*** Supplied records ***

Lemma is_Cderive_mul_cexp (F : C -> C) (c w dF : C) : is_Cderive F w dF ->
  is_Cderive (fun w => F w * cexp (- (c * w)))%C w ((dF - c * F w) * cexp (- (c * w)))%C.
Proof.
  intros HF.
  assert (Hc : is_Cderive (fun w => c * w)%C w (c * 1)%C) by apply is_Cderive_scal, is_Cderive_id.
  pose proof (is_Cderive_mult _ _ w _ _ HF
    (is_Cderive_comp (fun u => cexp (- u)) _ w _ _ (is_Cderive_cexp_opp _) Hc)) as D.
  replace ((dF - c * F w) * cexp (- (c * w)))%C
    with (dF * cexp (- (c * w)) + F w * (c * 1 * - cexp (- (c * w))))%C by ring.
  exact D.
Qed.

Lemma Cseq_limit_unique (u : nat -> C) (l1 l2 : C) :
  (forall eps, 0 < eps -> exists N, forall n, (N <= n)%nat -> Cmod (u n - l1) <= eps) ->
  (forall eps, 0 < eps -> exists N, forall n, (N <= n)%nat -> Cmod (u n - l2) <= eps) ->
  l1 = l2.
Proof.
  intros H1 H2. apply Ceq_minus, Cmod_small_eq_0. intros eps Heps.
  destruct (H1 (eps / 2) ltac:(lra)) as [N1 HN1]. destruct (H2 (eps / 2) ltac:(lra)) as [N2 HN2].
  specialize (HN1 (max N1 N2) ltac:(lia)). specialize (HN2 (max N1 N2) ltac:(lia)).
  replace (l1 - l2)%C with ((u (max N1 N2) - l2) - (u (max N1 N2) - l1))%C by ring.
  eapply Rle_trans; [apply Cmod_triangle |]. rewrite Cmod_opp. lra.
Qed.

***

= Work order =
Which lines of the records above hold the word "ltac"? Copy each of them.

= Response area =
  destruct (H1 (eps / 2) ltac:(lra)) as [N1 HN1]. destruct (H2 (eps / 2) ltac:(lra)) as [N2 HN2].
  specialize (HN1 (max N1 N2) ltac:(lia)). specialize (HN2 (max N1 N2) ltac:(lia)).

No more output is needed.